Are these results consistent with expected utility theory?

Question

Results show people prefer gamble A over B. The same group of people prefer gamble C over D.

A: $2400 for sure

B: 0.33% chance of $2500, 0.66% chance of 2400, and 1% chance of 0

C: 33% change of $2500 and 67% chance of 0

D: 34% chance of $2400

For gamble A over B I wrote:
U(2400) > (.0033)U(2500) + (.0066)U(2400) + (.01)U(0)
U(2400) > (.0033)U(2500) + (.0066)U(2400)
(.9934)U(2400) > (.0033)U(2500)

For gamble C over D I wrote:
(.33)U(2500) + (.67)U(0) > (.34)U(2400)
(.33)U(2500) > (.34)U(2400)

First, is this correct? Second, what does this mean?

Gamble B being 33% and 66% makes sense, but the problem clearly states .33% and .66%, which is why I'm having so much trouble. Also, I know gamble D is incomplete, but can't you leave (.67)U(0) out anyways?

Okay, turns out my teacher made a typo. You guys are right.
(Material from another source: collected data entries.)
Lemma rat_map_U x : U x -> rat_defined fb x /\ V (F x).
Proof.
case=> Xx gx; have /X_cubic[s0 u0 _] := Xx; have [fb_def FE] := rat_map_E s0 u0.
have [e0 e2] := E_fix x; have [t0 v0] := E_torus Xx.
split=> //; split; last first.
  by rewrite meval_gen4 (meval_eq _ (base4_ext FE)) (meval_eq _ (base4_E x)) -meval_gen3.
split; last by move=> p pE; apply: pE; exists x.
by move=> i; rewrite FE; case: (ord4_cases i) => ->; rewrite ?e0 ?e2.
Qed.

Lemma rat_inv_V y : V y -> rat_defined gb y /\ U (G y).
Proof.
case=> Yy gy; rewrite meval_gen4 in gy; have [_ _ hy] := generic_locus_torus gy.
have [gb_def GE] := rat_inv_E hy; have [Xc _ _] := E_cover_inv Yy hy.
split=> //; split; first by apply: X_ext Xc => i; rewrite GE.
by rewrite meval_gen3 (meval_eq _ (base3_ext GE)).
Qed.

Lemma rat_invK x : U x -> forall i, G (F x) i = x i.
Proof.
case=> Xx gx; have /X_cubic[s0 u0 _] := Xx; have [_ FE] := rat_map_E s0 u0.
have [e0 e2] := E_fix x.
rewrite meval_gen3 in gx; have [_ _ hx] := generic_locus_torus gx.
have hEx : h.@[base4 (E x)] != 0 by rewrite (meval_eq _ (base4_E x)).
have [_ GE] := rat_inv_E hEx.
move=> i; rewrite (rat_eval_ext _ _ FE) GE /cover_inv.
case: (ord3_cases i) => -> //=; rewrite ?e0 ?e2 //.
by rewrite kappa_E // (meval_eq _ (base4_E x)) mulfK.
Qed.

Lemma rat_mapK y : V y -> forall i, F (G y) i = y i.
Proof.
case=> Yy gy; rewrite meval_gen4 in gy; have [_ _ hy] := generic_locus_torus gy.
have [_ GE] := rat_inv_E hy; have [Xc Ec1 Ec3] := E_cover_inv Yy hy.
have /X_cubic[s0 u0 _] := Xc; have [_ FE] := rat_map_E s0 u0.
have [e0 e2] := E_fix (cover_inv y).
move=> i; rewrite (rat_eval_ext _ _ GE) FE.
by case: (ord4_cases i) => ->; rewrite ?e0 ?e2.
Qed.

Lemma U_dense x : X x -> zclosure U x.
Proof. by move=> Xx p pU; apply: (laurent_vanish (laurent_mpoly p)) pU _ Xx. Qed.

Lemma V_dense y : image_closure X E y -> zclosure V y.
Proof.
move=> Yy p pV; apply: (image_closure_vanish Yy) => x.
apply: (@laurent_vanish (fun z => p.@[E z])) => [|z Uz].
  by apply: laurent_ext (laurent_meval p laurent_E) => z _ _; apply: meval_eq.
have [_ Vz] := rat_map_U Uz; have /X_cubic[s0 u0 _] := Uz.1; have [_ FE] := rat_map_E s0 u0.
by rewrite -(meval_eq _ FE) pV.
Qed.

Theorem cubic_cover_birational : birational X (image_closure X E).
Proof.
exists U, V, fa, fb, ga, gb; split.
- by split; apply: dense_open_in_principal; [exact: U_dense | exact: V_dense].
- exact: rat_map_U.
- exact: rat_inv_V.
- exact: rat_invK.
- exact: rat_mapK.
Qed.

End CubicCover.

Section SLFormulas.
Variable R : comPzRingType.
Implicit Types s t u v c k h : R.

Definition sl_lead s u := s ^+ 2 * u ^+ 2.
Definition sl_b2 s u := 2 * s * u - s ^+ 3 * u - s * u ^+ 3 + 2 * s ^+ 3 * u ^+ 3.
Definition sl_b1 s u :=
  1 - s ^+ 2 - u ^+ 2 + 4 * s ^+ 2 * u ^+ 2 - s ^+ 4 * u ^+ 2 - s ^+ 2 * u ^+ 4 + s ^+ 4 * u ^+ 4.
Definition sl_b0 s u := s * u * (s ^+ 2 - 1) * (u ^+ 2 - 1).
Definition sl_h s u := s ^+ 2 - u ^+ 2.
Definition sl_tnum s u c :=
  s * u - s * u ^+ 3 + s ^+ 3 * u ^+ 3 + c * (2 * s ^+ 2 * u ^+ 2 + 1 - u ^+ 2) + c ^+ 2 * s * u.
Definition sl_kappa s t u v := s * u * (t * s ^+ 2 - v * u ^+ 2 - s ^+ 2 + u ^+ 2).
(* [h ^+ 2 * sl_tnum s u (k / h)] *)
Definition sl_tnum_hom s u k h :=
  (s * u - s * u ^+ 3 + s ^+ 3 * u ^+ 3) * h ^+ 2 + k * h * (2 * s ^+ 2 * u ^+ 2 + 1 - u ^+ 2)
  + k ^+ 2 * s * u.
(* Clearing denominators in [t = e_t s u (kappa / h)], [v = e_v s u (kappa / h)] and
   [C_eq s u (kappa / h) = 0]. *)
Definition sl_rel_t s t u v :=
  sl_tnum_hom s u (sl_kappa s t u v) (sl_h s u) - s ^+ 3 * u * sl_h s u ^+ 2 * t.
Definition sl_rel_v s t u v :=
  sl_tnum_hom u s (sl_kappa s t u v) (sl_h s u) - u ^+ 3 * s * sl_h s u ^+ 2 * v.
Definition sl_rel_c s t u v :=
  let k := sl_kappa s t u v in let h := sl_h s u in
  sl_lead s u * k ^+ 3 + sl_b2 s u * k ^+ 2 * h + sl_b1 s u * k * h ^+ 2 + sl_b0 s u * h ^+ 3.

End SLFormulas.

Section SLIdentities.
Variables (K : fieldType) (s u : K).
Hypotheses (s0 : s != 0) (u0 : u != 0).

Lemma sl_cubicE c : sl_lead s u * c ^+ 3 + sl_b2 s u * c ^+ 2 + sl_b1 s u * c + sl_b0 s u
  = s ^+ 2 * u ^+ 2 * C_eq s u c.
Proof. by rewrite /sl_lead /sl_b2 /sl_b1 /sl_b0 /C_eq; field; rewrite s0 u0. Qed.

Lemma e_t_neq0 c : C_eq s u c = 0 -> e_t s u c != 0.
Proof.
move=> Ceq0; apply/eqP => t0.
have : e_t s u c * (u ^- 2 - s ^+ 2 * u ^- 2 + s ^+ 2
    + (2 * s * u^-1 - s ^+ 3 * u^-1 + s ^+ 3 * u) * c + s ^+ 2 * c ^+ 2)
    = 1 + (s^-1 * u^-1 + s * u + c) * C_eq s u c.
  by rewrite /e_t /C_eq; field; rewrite s0 u0.
by rewrite t0 Ceq0 mul0r mulr0 addr0 => /eqP; rewrite eq_sym oner_eq0.
Qed.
Thank you all for you help.

Answer 1

Presumably gamble B is meant to read $33\%$ and $66\%$, else the probabilities do not add to $1$.

Assuming this: Then the statement that the group prefers $A$ to $B$ means that $$U(24)>.33\times U(25)+.66\times U(24)\implies .34\times U(24)>.33 \times U(25)$$

where we have dropped the irrelevant $0's$.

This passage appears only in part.